Another useful resource is this official tutorial from Overleaf; the slides for Part 1 can be found embedded below.
As for formatting actual documents, a good way to get started is to use templates created by others. That’s what we’re going to require you to do in the capstone. In fact, we’ve prepared a LaTeX template on Overleaf that you’re required to use for your Quarter 1 Project report, Quarter 2 Project Proposal report, and Quarter 2 Report! One of the benefits of having everyone use a template, other than exposing you to LaTeX, is ensuring some sort of uniformity in the submitted reports. Academic conferences do this all the time.
Access the LaTeX template on Overleaf here.
The link above is set to read-only. To make your own copy of the template, click the “Menu” button in the top left, then click “Copy Project.” This will bring an editable copy of the template into your Overleaf account. To share the project with your group members, click “Share” in the top menu bar, turn on link sharing, and send the edit link to your group members.

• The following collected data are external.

Lemma rev_best_alloc k j :
  rev j (best_alloc k j) = \sum_(b | (j, b) \in best_units k) unit_value (j, b).
Proof.
rewrite best_alloc_E -sum1_card big_mkcond [RHS]big_mkcond !big_bool !inE /=.
have := @best_units_closed k j; rewrite /unit_value /aa /bb /=.
case: ((j, true) \in _); case: ((j, false) \in _) => /= closed.
- by rewrite addrC subrK.
- by rewrite addr0.
- by have := closed isT.
- by rewrite rev0 addr0.
Qed.

Lemma fval_eq k : (k <= 2 * #|A|)%N -> fval rev k = Some (topk_sum rev k).
Proof.
move=> kA; apply: maxopt_eq => [|x /eqP]; last exact: fval_le_topk.
exists (best_alloc k).
  rewrite -[X in _ == X](size_best_units kA) -sum1_size big_best_units.
  by apply/eqP/eq_bigr => j _; rewrite best_alloc_E sum1_card.
rewrite /topk_sum -map_best_units big_map big_best_units.
by apply: eq_bigr => j _; rewrite rev_best_alloc.
Qed.

End ProjectsA.

Section ProjectsB.
Variables (R : realFieldType) (n : nat) (rev : 'I_n -> nat -> R).
Hypothesis rev0 : forall j, rev j 0%N = 0.

Lemma rev_le_half_rev2 j m : j \in setB rev -> (m <= 2)%N -> rev j m <= m%:R / 2 * rev j 2.
Proof.
rewrite inE /aa /bb => ab; case: m => [|[|[|//]]] _; first by rewrite rev0 mul0r mul0r.
  by rewrite mul1r; lra.
by rewrite divff ?mul1r ?pnatr_eq0.
Qed.

Local Notation N := #|setB rev|.
Variable sigma : 'I_N -> 'I_n.
Hypotheses (sigma_inj : injective sigma) (sigma_B : forall i, sigma i \in setB rev).
Hypothesis sigma_sorted : forall i i' : 'I_N, (i <= i')%N -> rev (sigma i') 2 <= rev (sigma i) 2.

Local Notation c i := (rev (sigma i) 2).
Local Notation top t := (\sum_(i < N | (i < t)%N) c i).

Definition alloc k (y : 'I_N -> nat) := (forall i, y i <= 2)%N /\ (\sum_i y i)%N = k.
Definition revenue (y : 'I_N -> nat) := \sum_i rev (sigma i) (y i).
Definition top_alloc t (i : 'I_N) := if (i < t)%N then 2%N else 0%N.

Lemma setB_imset : setB rev = sigma @: setT.
Proof.
apply/eqP; rewrite eq_sym eqEcard card_imset // cardsT card_ord leqnn andbT.
by apply/subsetP => _ /imsetP[i _ ->].
Qed.

Lemma big_setB (V : Type) (idx : V) (op : Monoid.com_law idx) (F : 'I_n -> V) :
  \big[op/idx]_(j in setB rev) F j = \big[op/idx]_(i < N) F (sigma i).
Proof.
rewrite (eq_bigl (mem (sigma @: setT))) => [|j]; last by rewrite -setB_imset.
rewrite big_imset /=; last by move=> ? ? _ _; apply: sigma_inj.
by apply: eq_bigl => i; rewrite inE.
Qed.

Lemma gval_eq k v : (exists2 y, alloc k y & revenue y = v) ->
  (forall y, alloc k y -> revenue y <= v) -> gval rev k = Some v.
Proof.
move=> [y [y2 yk] <-] ub; apply: maxopt_eq.
  pose x := [ffun j => inord (odflt 0%N (omap y [pick i | sigma i == j])) : 'I_3].
  have xE i : x (sigma i) = y i :> nat.
    rewrite ffunE; case: pickP => [i' /eqP/sigma_inj -> | /(_ i)]; last by rewrite eqxx.
    by rewrite /= inordK // ltnS y2.
  exists x; last by rewrite big_setB; apply: eq_bigr => i _; rewrite xE.
  by rewrite big_setB -yk; apply/eqP; apply: eq_bigr => i _; rewrite xE.
move=> x /eqP; rewrite !big_setB => xk.
by apply: ub; split=> // i; rewrite -ltnS ltn_ord.
Qed.

Lemma alloc_update k k' y p m : alloc k y -> (m <= 2)%N -> (k' + y p = k + m)%N ->
  alloc k' [eta y with p |-> m].
Proof.
move=> [y2 yk] m2 kk'; split=> [i|] /=; first by case: eqP.
apply/eqP; rewrite -(eqn_add2r (y p)) kk' -yk.
by rewrite (big_update _ (fun _ v => v)).
Qed.

Lemma revenue_update y p m :
  revenue [eta y with p |-> m] = revenue y - rev (sigma p) (y p) + rev (sigma p) m.
Proof.
apply: (addIr (rev (sigma p) (y p))); rewrite addrAC subrK.
exact: (big_update _ (fun i v => rev (sigma i) v)).
Qed.

Lemma alloc_top t : (t <= N)%N -> alloc (2 * t) (top_alloc t).
Proof.
move=> tN; split=> [i|]; first by rewrite /top_alloc; case: ifP.
by rewrite -big_mkcond /= (sum_prefix_const _ tN) -mulr_natr natn.
Qed.

Lemma revenue_top t : revenue (top_alloc t) = top t.
Proof. by rewrite [RHS]big_mkcond; apply: eq_bigr => i _; rewrite /top_alloc; case: ifP. Qed.

Lemma revenue_le_top t y : alloc (2 * t) y -> revenue y <= top t.
Proof.
move=> [y2 yt].
apply: le_trans (weighted_sum_le_prefix_sum sigma_sorted (w := fun i => (y i)%:R / 2) _ _).
- by apply: ler_sum => i _; rewrite rev_le_half_rev2.
- by move=> i; rewrite divr_ge0 // ler_pdivrMr // mul1r ler_nat y2.
- by rewrite -mulr_suml -natr_sum yt natrM mulrAC divff ?mul1r ?pnatr_eq0.
Qed.

Lemma gval_even t : (t <= N)%N -> gval rev (2 * t) = Some (top t).
Proof.
move=> tN; apply: gval_eq; last exact: revenue_le_top.
by exists (top_alloc t); [apply: alloc_top | apply: revenue_top].
Qed.

Lemma alloc_odd_one k y : alloc k y -> odd k -> exists p, y p = 1%N.
Proof.
move=> [y2 <-]; case: (pickP (fun i => y i == 1%N)) => [p /eqP|no1]; first by exists p.
rewrite (big_morph odd oddD erefl) big1 // => i _.
by have := y2 i; have := no1 i; case: (y i) => [|[|[|]]].
Qed.

Lemma revenue_odd_le t y : alloc (2 * t).+1 y -> exists p,
  revenue y <= top t + aa rev (sigma p) /\ revenue y <= top t.+1 - bb rev (sigma p).
Proof.
move=> ya; have [p yp1] : exists p, y p = 1%N by apply: alloc_odd_one ya _; rewrite /= oddM.
exists p; split.
  have /revenue_le_top : alloc (2 * t) [eta y with p |-> 0%N].
    by apply: alloc_update ya _ _; rewrite ?yp1 ?addn0 ?addn1.
  by rewrite revenue_update yp1 rev0 addr0 /aa lerBlDr.
have /revenue_le_top : alloc (2 * t.+1) [eta y with p |-> 2%N].
  by apply: alloc_update ya _ _; rewrite ?yp1 // addn1 addn2 mulnS add2n.
by rewrite revenue_update yp1 /aa /bb => le; lra.
Qed.

Lemma revenue_top_add_aa t (p : 'I_N) : (t <= N)%N -> (t <= p)%N ->
  exists2 y, alloc (2 * t).+1 y & revenue y = top t + aa rev (sigma p).
Proof.
move=> tN tp; exists [eta top_alloc t with p |-> 1%N].
  by apply: alloc_update (alloc_top tN) _ _; rewrite // /top_alloc ltnNge tp addn0 addn1.
by rewrite revenue_update revenue_top /top_alloc ltnNge tp rev0 subr0.
Qed.

Lemma revenue_top_sub_bb t (p : 'I_N) : (t < N)%N -> (p <= t)%N ->
  exists2 y, alloc (2 * t).+1 y & revenue y = top t.+1 - bb rev (sigma p).
Proof.
move=> tN pt; exists [eta top_alloc t.+1 with p |-> 1%N].
  apply: alloc_update (alloc_top tN) _ _; rewrite // /top_alloc ltnS pt.
  by rewrite addn1 addn2 mulnS add2n.
by rewrite revenue_update revenue_top /top_alloc ltnS pt /bb addrAC opprB addrA.
Qed.

Lemma gval_odd t : (t < N)%N ->
  exists gm gp mb,
    [/\ gval rev (2 * t) = Some gm, gval rev (2 * t.+1) = Some gp,
       minopt (fun i : 'I_N => (i < t.+1)%N) (fun i => bb rev (sigma i)) = Some mb &
       gval rev (2 * t).+1 = Some
         (match maxopt (fun i : 'I_N => (t.+1 <= i)%N) (fun i => aa rev (sigma i)) with
          | Some ma => Num.max (gm + ma) (gp - mb)
          | None => gp - mb
          end)].
Proof.
move=> tN; pose i0 : 'I_N := Ordinal (leq_ltn_trans (leq0n t) tN).
have [pb pb_t pb_min] := @arg_minP _ _ _ i0 (fun i : 'I_N => (i < t.+1)%N)
                                   (fun i => bb rev (sigma i)) isT.
exists (top t), (top t.+1), (bb rev (sigma pb)); split.
- exact: gval_even (ltnW tN).
- exact: gval_even tN.
- by apply: minopt_eq => //; exists pb.
have odd_bound y : alloc (2 * t).+1 y ->
    (exists2 p : 'I_N, (t < p)%N & revenue y <= top t + aa rev (sigma p)) \/
    revenue y <= top t.+1 - bb rev (sigma pb).
  move=> /revenue_odd_le[p [le_a le_b]]; case: (ltnP t p) => tp; first by left; exists p.
  by right; apply: le_trans le_b _; rewrite lerD2l lerN2 pb_min.
case: (pickP (fun i : 'I_N => (t.+1 <= i)%N)) => [i1 t_i1|no_i]; last first.
  rewrite maxopt_none => [|i]; last by rewrite no_i.
  apply: gval_eq => [|y /odd_bound[[p tp]|//]]; first exact: revenue_top_sub_bb.
  by rewrite no_i in tp.
have [pa pa_t pa_max] := @arg_maxP _ _ _ i1 (fun i : 'I_N => (t.+1 <= i)%N)
                                   (fun i => aa rev (sigma i)) t_i1.
rewrite (@maxopt_eq _ _ _ _ (aa rev (sigma pa))) //; last by exists pa.
apply: gval_eq => [|y /odd_bound[[p tp le_a]|le_b]]; rewrite ?le_max.
- case: leP => _; first exact: revenue_top_sub_bb.
  exact: revenue_top_add_aa (ltnW tN) (ltnW pa_t).
- by rewrite (le_trans le_a) // lerD2l; apply: pa_max.
- by rewrite le_b orbT.
Qed.

End ProjectsB.

Unset Implicit Arguments.

Theorem lemma7 (R : realFieldType) (n : nat) (rev : 'I_n -> nat -> R)
  (hrev0 : forall j, rev j 0%N = 0)
  (sigma : 'I_#|setB rev| -> 'I_n)
  (hinj : injective sigma)
  (hB : forall i, sigma i \in setB rev)
  (hsort : forall i i' : 'I_#|setB rev|, (i <= i')%N -> rev (sigma i') 2%N <= rev (sigma i) 2%N) :
  (forall k, (k <= 2 * #|setA rev|)%N -> fval rev k = Some (topk_sum rev k)) /\
  (forall k, (k <= 2 * #|setB rev|)%N ->
     if ~~ odd k then
       gval rev k = Some (\sum_(i < #|setB rev| | (i < k./2)%N) rev (sigma i) 2%N)
     else
       exists gm gp mb,
         [/\ gval rev k.-1 = Some gm, gval rev k.+1 = Some gp,
             minopt (fun i : 'I_#|setB rev| => (i < k.+1./2)%N) (fun i => bb rev (sigma i)) = Some mb &
             gval rev k = Some
               (match maxopt (fun i : 'I_#|setB rev| => (k.+1./2 <= i)%N)
                             (fun i => aa rev (sigma i)) with
                | Some ma => Num.max (gm + ma) (gp - mb)
                | None => gp - mb
                end)]).
Proof.
split=> [k|k kB]; first exact: fval_eq.
have := odd_double_half k; set t := k./2.
case: ifPn => [/negbTE-> | /negbNE->] k_eq.
  rewrite -{1}k_eq add0n -mul2n; apply: gval_even => //.
  by move: kB; rewrite -k_eq add0n -mul2n; lia.
have [-> -> ->] : [/\ k.-1 = (2 * t)%N, k.+1./2 = t.+1 & k.+1 = (2 * t.+1)%N].
  by rewrite -k_eq add1n /= doubleK !mul2n doubleS.
rewrite -{1}k_eq add1n -mul2n; apply: gval_odd => //.
by move: kB; rewrite -k_eq add1n -mul2n; lia.
Qed.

Once you open the template, in report.tex
(the file with all of your content), you’ll see many lines of text in blue. Those are instructions from us; remove them or comment them out with %
as you actually edit the template. Your actual submissions should not have any blue in them.
As mentioned above, the template mostly exists for style purposes. Not all headings provided in the template will actually be useful for you; you can add or remove headings as you please, and the headings you end up using are up to you and your mentor. Look to the “Anatomy of a Scientific Paper” section of Methodology Lesson 4 for guidance on which headings to use. Additionally, the top of the template asks you to put links to a website and code; for your Quarter 1 Project, you won’t link a website, but will link your code; for your Quarter 2 Proposal, you won’t link either of these; for your actual Quarter 2 Project, you’ll link both of these.
Section 6 of the template contains several examples on how to format various things (bold text, code, lists, formulas, images, algorithms, etc.) in LaTeX – read it now before working on the exercise below!
The end of the template contains a “References” section, whose contents are defined in reference.bib
. Many conference websites format citations in BibTeX that you can copy into reference.bib
directly; you can also search for the paper on Google Scholar, click “Cite”, and then click ``BibTeX” (here’s an example).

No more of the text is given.